We have previously demonstrated by Gag polyprotein budding assays that the Gag p9 protein of equine infectious anemia virus (EIAV) utilizes a unique YPDL motif as a late assembly domain (L domain) to facilitate release of the budding virus particle from the host cell plasma membrane (B. A. Puffer, L. J. Parent, J. W. Wills, and R. C. Montelaro, J. Virol. 71:6541-6546, 1997). To characterize in more detail the role of the YPDL L domain in the EIAV life cycle, we have examined the replication properties of a series of EIAV proviral mutants in which the parental YPDL L domain was replaced by a human immunodeficiency virus type 1 (HIV-1) PTAP or Rous sarcoma virus (RSV) PPPY L domain in the p9 protein or by proviruses in which the parental YPDL or HIV-1 PTAP L domain was inserted in the viral matrix protein.

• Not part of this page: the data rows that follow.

(* Let $n$ be an odd integer $\ge 3$, $F_2$ the free group on $a,b$, and $R_{\mathrm{Heis}_n}$ the kernel of the surjection $F_2\to H_n$ with $a\mapsto\alpha$, $b\mapsto\beta$. Then $R_{\mathrm{Heis}_n}$ is a characteristic subgroup of $F_2$, i.e. $\phi(R_{\mathrm{Heis}_n})=R_{\mathrm{Heis}_n}$ for every $\phi\in\operatorname{Aut}(F_2)$.
   Context: $H_n$ is the group of $3\times3$ upper unitriangular matrices over $\mathbb{Z}/n\mathbb{Z}$; $\alpha$ has entry $1$ at position $(1,2)$ and $\beta$ has entry $1$ at position $(2,3)$, all other off-diagonal entries zero. *)

From HB Require Import structures.
From mathcomp Require Import all_boot all_order all_algebra.
Set Implicit Arguments. Unset Strict Implicit. Unset Printing Implicit Defensive.
Import GRing.Theory.
Local Open Scope ring_scope.

(* A letter is (g, e): g = false for a, true for b; e = true for the inverse. *)
Definition letter := (bool * bool)%type.
Definition linv (x : letter) : letter := (x.1, ~~ x.2).

Fixpoint reducedb (s : seq letter) : bool :=
  match s with
  | x :: ((y :: _) as s') => (y != linv x) && reducedb s'
  | _ => true
  end.

Definition ccons (x : letter) (s : seq letter) : seq letter :=
  match s with
  | y :: s' => if y == linv x then s' else x :: s
  | [::] => [:: x]
  end.
Definition reduce (s : seq letter) : seq letter := foldr ccons [::] s.

Lemma reducedb_ccons x s : reducedb s -> reducedb (ccons x s).
Proof.
case: s => [|y s] //= Hs.
case: ifP => Hy.
  by case: s Hs => [|z s] //= /andP[].
by rewrite /= Hy Hs.
Qed.

Lemma reducedb_reduce s : reducedb (reduce s).
Proof. by elim: s => [|x s IH] //=; apply: reducedb_ccons. Qed.

Record F2 := MkF2 { wordF2 : seq letter; wordF2_red : reducedb wordF2 }.

Definition mulF2 (u v : F2) : F2 :=
  MkF2 (reducedb_reduce (wordF2 u ++ wordF2 v)).

Definition F2_hom (phi : F2 -> F2) : Prop :=
  forall u v, phi (mulF2 u v) = mulF2 (phi u) (phi v).
Definition F2_aut (phi : F2 -> F2) : Prop := F2_hom phi /\ bijective phi.

(* H_n is the group of upper unitriangular 3x3 matrices over 'Z_n;
   alpha = 1 + E_{12}, beta = 1 + E_{23} (1-based positions). *)
Definition i1 : 'I_3 := inord 0.
Definition i2 : 'I_3 := inord 1.
Definition i3 : 'I_3 := inord 2.

Definition alphaH (n : nat) : 'M['Z_n]_3 := 1%:M + delta_mx i1 i2.
Definition betaH (n : nat) : 'M['Z_n]_3 := 1%:M + delta_mx i2 i3.

Definition letter_img (n : nat) (x : letter) : 'M['Z_n]_3 :=
  let g := if x.1 then betaH n else alphaH n in
  if x.2 then invmx g else g.

Definition heis_map (n : nat) (w : F2) : 'M['Z_n]_3 :=
  foldr (fun x M => letter_img n x *m M) 1%:M (wordF2 w).

Definition R_Heis (n : nat) (w : F2) : Prop := heis_map n w = 1%:M.

From HB Require Import structures.
From mathcomp Require Import all_boot all_order all_algebra ring.
Set Implicit Arguments. Unset Strict Implicit. Unset Printing Implicit Defensive.
Import GRing.Theory.

(* When 2 is invertible in a commutative ring R, the Heisenberg group H(R) of
   unitriangular 3x3 matrices is relatively free on alpha and beta: every
   assignment alpha |-> X, beta |-> Y extends to an endomorphism of H(R).
   Hence a word that is trivial at (alpha, beta) is trivial at every pair
   (X, Y) of H(R).  For an endomorphism phi of F_2, the image of phi(w) in H_n
   is w evaluated at the images of phi(a) and phi(b), so the kernel is fully
   invariant; applied to phi and its inverse this gives phi(R) = R.  For odd n,
   2 is a unit of Z/nZ. *)

Section WordValue.
Variable G : groupType.
Local Open Scope group_scope.

Definition letter_val (X Y : G) (x : letter) : G :=
  let g := if x.1 then Y else X in if x.2 then g^-1 else g.

Definition word_val (X Y : G) (s : seq letter) : G :=
  foldr (fun x g => letter_val X Y x * g) 1 s.

Lemma word_val_cat X Y s1 s2 :
  word_val X Y (s1 ++ s2) = word_val X Y s1 * word_val X Y s2.
Proof. by elim: s1 => [|x s IH] /=; rewrite ?mul1g // IH mulgA. Qed.

Lemma letter_val_linv X Y x : letter_val X Y x * letter_val X Y (linv x) = 1.
Proof. by case: x => [[] []]; rewrite /letter_val /= ?mulgV ?mulVg. Qed.

Lemma word_val_ccons X Y x s :
  word_val X Y (ccons x s) = letter_val X Y x * word_val X Y s.
Proof.
case: s => [|y s] //=; case: ifP => // /eqP ->.
by rewrite mulgA letter_val_linv mul1g.
Qed.

Lemma word_val_reduce X Y s : word_val X Y (reduce s) = word_val X Y s.
Proof. by elim: s => [|x s IH] //=; rewrite word_val_ccons IH. Qed.

End WordValue.

Section WordValueMorphism.
Variables (G H : groupType) (f : G -> H).
Local Open Scope group_scope.
Hypothesis fM : {morph f : u v / u * v}.

Lemma gmorph1 : f 1 = 1.
Proof. by apply: (mulIg (f 1)); rewrite -fM !mul1g. Qed.

Lemma gmorphV u : f u^-1 = (f u)^-1.
Proof. by apply/esym/mulg1_eq; rewrite -fM mulgV gmorph1. Qed.

Lemma gmorph_word_val X Y s : f (word_val X Y s) = word_val (f X) (f Y) s.
Proof.
elim: s => [|[[] []] s IH] /=; rewrite ?gmorph1 // fM IH //.
all: by rewrite /letter_val /= ?gmorphV.
Qed.
End WordValueMorphism.

Lemma reduce_reducedb s : reducedb s -> reduce s = s.
Proof.
elim: s => [|x s IH] //= Hs.
have Hs' : reducedb s by case: s Hs {IH} => [|y s] // /andP[].
rewrite IH //; case: s Hs {IH Hs'} => [|y s] //= /andP[H _].
by rewrite (negbTE H).
Qed.

Lemma wordF2_inj : injective wordF2.
Proof.
move=> [u Hu] [v Hv] /= Euv; subst v.
by rewrite (bool_irrelevance Hu Hv).
Qed.

Definition F2_of_word (s : seq letter) : F2 := MkF2 (reducedb_reduce s).

Definition F2_gen (g : bool) : F2 := F2_of_word [:: (g, false)].

Lemma wordF2K : cancel wordF2 F2_of_word.
Proof. by move=> w; apply/wordF2_inj/reduce_reducedb/wordF2_red. Qed.

Lemma F2_of_word_cons x s :
  F2_of_word (x :: s) = mulF2 (F2_of_word [:: x]) (F2_of_word s).
Proof. by apply: wordF2_inj; rewrite /= (reduce_reducedb (reducedb_reduce s)). Qed.

Section FreeGroupHom.
Variable G : groupType.
Local Open Scope group_scope.

Lemma word_val_mulF2 (X Y : G) u v :
  word_val X Y (wordF2 (mulF2 u v))
  = word_val X Y (wordF2 u) * word_val X Y (wordF2 v).
Proof. by rewrite word_val_reduce word_val_cat. Qed.

Variable psi : F2 -> G.
Hypothesis psiM : forall u v, psi (mulF2 u v) = psi u * psi v.

Lemma F2_hom1 : psi (F2_of_word [::]) = 1.
Proof.
have ee : mulF2 (F2_of_word [::]) (F2_of_word [::]) = F2_of_word [::].
  exact: wordF2_inj.
by apply: (mulIg (psi (F2_of_word [::]))); rewrite /= -psiM ee mul1g.
Qed.

Lemma F2_hom_letter x :
  psi (F2_of_word [:: x]) = letter_val (psi (F2_gen false)) (psi (F2_gen true)) x.
Proof.
case: x => -[] [] //=; apply/esym/mulg1_eq; rewrite -F2_hom1 -psiM.
all: by congr psi; apply: wordF2_inj.
Qed.

Lemma F2_hom_word_val w :
  psi w = word_val (psi (F2_gen false)) (psi (F2_gen true)) (wordF2 w).
Proof.
rewrite -{1}(wordF2K w); elim: (wordF2 w) => [|x s IH]; first exact: F2_hom1.
by rewrite F2_of_word_cons psiM IH F2_hom_letter.
Qed.
End FreeGroupHom.

Section HeisenbergGroup.
Variable R : comNzRingType.
Local Open Scope ring_scope.

Definition heis : Type := (R * R * R)%type.
HB.instance Definition _ := Choice.on heis.

Definition heis_mul (t u : heis) : heis :=
  (t.1.1 + u.1.1, t.1.2 + u.1.2, t.2 + u.2 + t.1.1 * u.1.2).
Definition heis_one : heis := (0, 0, 0).
Definition heis_inv (t : heis) : heis :=
  (- t.1.1, - t.1.2, - t.2 + t.1.1 * t.1.2).

Fact heis_mulA : associative heis_mul.
Proof.
by move=> [[? ?] ?] [[? ?] ?] [[? ?] ?]; rewrite /heis_mul /=; congr (_, _, _); ring.
Qed.
Fact heis_mul1g : left_id heis_one heis_mul.
Proof. by move=> [[? ?] ?]; rewrite /heis_mul /=; congr (_, _, _); ring. Qed.
Fact heis_mulg1 : right_id heis_one heis_mul.
Proof. by move=> [[? ?] ?]; rewrite /heis_mul /=; congr (_, _, _); ring. Qed.
Fact heis_mulVg : left_inverse heis_one heis_inv heis_mul.
Proof. by move=> [[? ?] ?]; rewrite /heis_mul /=; congr (_, _, _); ring. Qed.
Fact heis_mulgV : right_inverse heis_one heis_inv heis_mul.
Proof. by move=> [[? ?] ?]; rewrite /heis_mul /=; congr (_, _, _); ring. Qed.

HB.instance Definition _ :=
  isGroup.Build heis heis_mulA heis_mul1g heis_mulg1 heis_mulVg heis_mulgV.

Lemma heis_mulE t u : (t * u)%g = heis_mul t u.
Proof. by []. Qed.

Definition heis_alpha : heis := (1, 0, 0).
Definition heis_beta : heis := (0, 1, 0).

Variable h : R.

(* The linear part is (a, b) |-> a X + b Y, the centre is scaled by the
   determinant, and h (a ^+ 2 - a) stands for 'C(a, 2) (h = 1/2): this
   quadratic correction is what makes the map multiplicative. *)
Definition heis_endo (X Y t : heis) : heis :=
  let: (x1, x2, x3) := X in let: (y1, y2, y3) := Y in let: (a, b, c) := t in
  (x1 * a + y1 * b, x2 * a + y2 * b,
   (x1 * y2 - x2 * y1) * c + x3 * a + y3 * b + x2 * y1 * a * b
   + h * (x1 * x2 * (a ^+ 2 - a) + y1 * y2 * (b ^+ 2 - b))).

Hypothesis h2 : h *+ 2 = 1.

Lemma heis_endoM X Y : {morph heis_endo X Y : t u / (t * u)%g}.
Proof.
case: X Y => [[x1 x2] x3] [[y1 y2] y3] [[a b] c] [[d e] f].
by rewrite heis_mulE /heis_mul /=; congr (_, _, _); rewrite /=; ring: h2.
Qed.

Lemma heis_endo_alpha X Y : heis_endo X Y heis_alpha = X.
Proof. by case: X Y => [[x1 x2] x3] [[y1 y2] y3]; congr (_, _, _); ring. Qed.

Lemma heis_endo_beta X Y : heis_endo X Y heis_beta = Y.
Proof. by case: X Y => [[x1 x2] x3] [[y1 y2] y3]; congr (_, _, _); ring. Qed.

Lemma word_val_heis_endo (X Y : heis) s :
  word_val X Y s = heis_endo X Y (word_val heis_alpha heis_beta s).
Proof.
by rewrite (gmorph_word_val (heis_endoM X Y)) heis_endo_alpha heis_endo_beta.
Qed.

Lemma word_val_heis_eq1 (X Y : heis) s :
  word_val heis_alpha heis_beta s = 1%g -> word_val X Y s = 1%g.
Proof. by rewrite (word_val_heis_endo X Y) => ->; apply/gmorph1/heis_endoM. Qed.

End HeisenbergGroup.

Lemma i1E : i1 = Ordinal (isT : 0 < 3). Proof. exact/val_inj/inordK. Qed.
Lemma i2E : i2 = Ordinal (isT : 1 < 3). Proof. exact/val_inj/inordK. Qed.
Lemma i3E : i3 = Ordinal (isT : 2 < 3). Proof. exact/val_inj/inordK. Qed.

Section HeisenbergMatrix.
Variable R : comUnitRingType.
Local Open Scope ring_scope.

Definition heis_mx (t : heis R) : 'M[R]_3 :=
  1%:M + t.1.1 *: delta_mx i1 i2 + t.1.2 *: delta_mx i2 i3 + t.2 *: delta_mx i1 i3.

Lemma heis_mxM t u : heis_mx (t * u)%g = heis_mx t *m heis_mx u.
Proof.
case: t u => [[a b] c] [[d e] f]; apply/matrixP => i j.
rewrite !mxE !big_ord_recr big_ord0 /= !mxE i1E i2E i3E.
case: i => [[|[|[|i]]] Hi] //; case: j => [[|[|[|j]]] Hj] //=; ring.
Qed.

Lemma heis_mx1 : heis_mx 1%g = 1%:M.
Proof. by rewrite /heis_mx /= !scale0r !addr0. Qed.

Lemma heis_mx_inj : injective heis_mx.
Proof.
move=> [[a b] c] [[d e] f] /matrixP E; move: (E i1 i2) (E i2 i3) (E i1 i3).
by rewrite !mxE i1E i2E i3E /= !(mulr0, mulr1, add0r, addr0) => -> -> ->.
Qed.

Lemma heis_mxV t : heis_mx t^-1%g = invmx (heis_mx t).
Proof.
have tV : heis_mx t *m heis_mx t^-1%g = 1%:M.
  by rewrite -heis_mxM mulgV heis_mx1.
by rewrite -[LHS]mul1mx -(mulVmx (mulmx1_unit tV).1) -mulmxA tV mulmx1.
Qed.

End HeisenbergMatrix.

Section HeisenbergZp.
Variable n : nat.
Local Open Scope ring_scope.

Lemma alphaH_heis_mx : alphaH n = heis_mx (heis_alpha 'Z_n).
Proof. by rewrite /heis_mx /= scale1r !scale0r !addr0. Qed.

Lemma betaH_heis_mx : betaH n = heis_mx (heis_beta 'Z_n).
Proof. by rewrite /heis_mx /= scale1r !scale0r !addr0. Qed.

Lemma heis_map_word_val w :
  heis_map n w = heis_mx (word_val (heis_alpha 'Z_n) (heis_beta 'Z_n) (wordF2 w)).
Proof.
rewrite /heis_map; elim: (wordF2 w) => [|x s IH] /=; first by rewrite heis_mx1.
rewrite IH heis_mxM; congr (_ *m _).
by case: x => -[] []; rewrite /letter_img /letter_val /= ?heis_mxV
  -?alphaH_heis_mx -?betaH_heis_mx.
Qed.

Lemma R_HeisE w :
  R_Heis n w <-> word_val (heis_alpha 'Z_n) (heis_beta 'Z_n) (wordF2 w) = 1%g.
Proof.
rewrite /R_Heis heis_map_word_val -heis_mx1.
by split=> [/heis_mx_inj | ->].
Qed.

End HeisenbergZp.

Lemma Zp_half2 n : odd n -> 1 < n -> ((n.+1)./2%:R *+ 2 = 1 :> 'Z_n)%R.
Proof.
move=> odd_n n_gt1.
by rewrite -mulrnA muln2 halfK /= odd_n subn0 -natr1 pchar_Zp // add0r.
Qed.

Lemma R_Heis_fully_invariant n phi : odd n -> 1 < n -> F2_hom phi ->
  forall w, R_Heis n w -> R_Heis n (phi w).
Proof.
move=> odd_n n_gt1 phiM w /R_HeisE Rw; apply/R_HeisE.
pose psi u := word_val (heis_alpha 'Z_n) (heis_beta 'Z_n) (wordF2 (phi u)).
have psiM u v : psi (mulF2 u v) = (psi u * psi v)%g.
  by rewrite /psi phiM word_val_mulF2.
rewrite -/(psi w) (F2_hom_word_val psiM).
exact: (word_val_heis_eq1 (Zp_half2 odd_n n_gt1)).
Qed.

Theorem lemma2p16 (n : nat) (Hn : 3 <= n) (Hodd : odd n) (phi : F2 -> F2) :
  F2_aut phi ->
  (* phi(R) = R, i.e. phi(R) ⊆ R and R ⊆ phi(R) *)
  (forall w, R_Heis n w -> R_Heis n (phi w)) /\
  (forall y, R_Heis n y -> exists w, R_Heis n w /\ phi w = y).
Proof.
move=> [phiM [phi' phiK phi'K]].
have n_gt1 : 1 < n by apply: leq_trans Hn.
have phi'M : F2_hom phi'.
  by move=> u v; apply: (can_inj phiK); rewrite phiM !phi'K.
split=> [|y Ry]; first exact: R_Heis_fully_invariant.
by exists (phi' y); split; [apply: R_Heis_fully_invariant | apply: phi'K].
Qed.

The replication properties of these L-domain variants were examined with respect to Gag protein expression and processing, virus particle production, and virus infectivity. The data from these experiments indicate that (i) the YPDL L domain of p9 is required for replication competence (assembly and infectivity) in equine cell cultures, including the natural target equine macrophages; (ii) all of the functions of the YPDL L domain in the EIAV life cycle can be replaced by replacement of the parental YPDL sequence in p9 with the PTAP L-domain segment of HIV-1 p6 or the PPPY L domain of RSV p2b; and (iii) the assembly, but not infectivity, functions of the EIAV proviral YPDL substitution mutants can be partially rescued by inclusions of YPDL and PTAP L-domain sequences in the C-terminal region of the EIAV MA protein. Taken together, these data demonstrate that the EIAV YPDL L domain mediates distinct functions in viral budding and infectivity and that the HIV-1 PTAP and RSV PPPY L domains can effectively facilitate these dual replication functions in the context of the p9 protein. In light of the fact that YPDL, PTAP, and PPPY domains evidently have distinct characteristic binding specificities, these observations may indicate different portals into common cellular processes that mediate EIAV budding and infectivity, respectively.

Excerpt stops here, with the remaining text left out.